Deux personnages hors du commun : le père, Martin, tout d'abord. Un monstre pervers, manipulateur, incestueux, un ogre des temps modernes. Un homme complexe, érudit, lecteur d'ouvrages philosophiques, misanthrope et misogyne, un authentique croque-mitaine dont le but n'est pas de rendre sage sa fille, Turtle/Croquette, mais bien de la terroriser, d'osciller sans cesse entre violence physique, viol et mots cajoleurs.

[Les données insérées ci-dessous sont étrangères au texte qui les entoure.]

(* The swap (p, s) |-> (mix p s, mix s p) is an involution of T x T,
   hence a bijection, so it preserves double sums over T x T. *)
Definition swap (q : Sn n * Sn n) : Sn n * Sn n :=
  if (q.1 \in T) && (q.2 \in T) then (mix q.1 q.2, mix q.2 q.1) else q.

Lemma swap_in q : ((swap q).1 \in T) && ((swap q).2 \in T) = (q.1 \in T) && (q.2 \in T).
Proof.
case: q => p s; rewrite /swap /=.
case Hp: (p \in T); case Hs: (s \in T) => //=; rewrite ?Hp ?Hs //.
by rewrite (mix_in Hp Hs) (mix_in Hs Hp).
Qed.

Lemma swap_involutive : involutive swap.
Proof.
case=> p s; rewrite /swap /=.
case Hp: (p \in T); case Hs: (s \in T) => //=; rewrite ?Hp ?Hs //.
by rewrite (mix_in Hp Hs) (mix_in Hs Hp) /= (mix_involutive Hp Hs) (mix_involutive Hs Hp).
Qed.

Lemma sum_swap (H : Sn n -> Sn n -> R) :
  sum_on T (fun p => sum_on T (fun s => H (mix p s) (mix s p))) =
  sum_on T (fun p => sum_on T (fun s => H p s)).
Proof.
rewrite /rsum !pair_big (reindex_inj (inv_inj swap_involutive)) /=.
apply: eq_big => q; first by rewrite swap_in.
rewrite swap_in => Hq; rewrite /swap Hq /=.
by case/andP: Hq => Hp Hs; rewrite (mix_involutive Hp Hs) (mix_involutive Hs Hp).
Qed.

Lemma g1_mix (F : {set Sn n}) (p s : Sn n) :
  p \in T -> s \in T -> g1 F X (mix p s) = g1 F X p.
Proof. by move=> Hp Hs; apply: rsum_ext => x Hx; rewrite (mixE _ Hp Hs) /mixf Hx. Qed.

Lemma g2_mix (F : {set Sn n}) (p s : Sn n) :
  p \in T -> s \in T -> g2 F X (mix p s) = g2 F X s.
Proof.
by move=> Hp Hs; apply: rsum_ext => x Hx; rewrite (mixE _ Hp Hs) /mixf (negbTE Hx).
Qed.

Lemma TXY_exchangeable (F : {set Sn n}) : exchangeable T (g1 F X) (g2 F X).
Proof.
move=> H.
rewrite -(sum_swap (fun p s => H (g1 F X p) (g2 F X p) (g1 F X s) (g2 F X s))).
apply: rsum_ext => p Hp; apply: rsum_ext => s Hs.
by rewrite (g1_mix _ Hp Hs) (g2_mix _ Hp Hs) (g1_mix _ Hs Hp) (g2_mix _ Hs Hp).
Qed.

End RestrictionProduct.

(* Squared distance of |z| from 1: how far z is from being Boolean (+-1). *)
Definition bdev (z : R) : R := (Rabs z - 1) ^ 2.

Lemma bdev_ge0 z : 0 <= bdev z.
Proof. exact: pow2_ge_0. Qed.

Lemma sign_plus_error z :
  exists s w, (s = 1 \/ s = -1) /\ z = s + w /\ Rabs w = Rabs (Rabs z - 1).
Proof.
case: (Rle_dec 0 z) => [z_ge0|z_lt0].
- exists 1, (z - 1); split; [by left | split; first by ring].
  by rewrite (Rabs_right z); lra.
- exists (-1), (z + 1); split; [by right | split; first by ring].
  rewrite (Rabs_left z); last lra.
  by rewrite -Rabs_Ropp; congr Rabs; ring.
Qed.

Et il y a donc Turtle. Une adolescente totalement paumée, à mi-chemin entre la bête et la femme, dont "l'éducation" pervertie du père a rendu totalement désorientée. Entraînée au maniement des armes, bercée par des discours pseudos-philosophique sur la fin du monde et son après, frappée de temps en temps, "visitée" la nuit par son ogre de père, en retard sur le plan scolaire, sans amis, sans vie sociale autre que celle se résumant à quelques échanges avec son grand-père, Turtle nous émeut autant qu'elle nous questionne et nous désoriente à son tour : pourquoi ne pas partir, pourquoi ne pas assassiner son monstre de père ?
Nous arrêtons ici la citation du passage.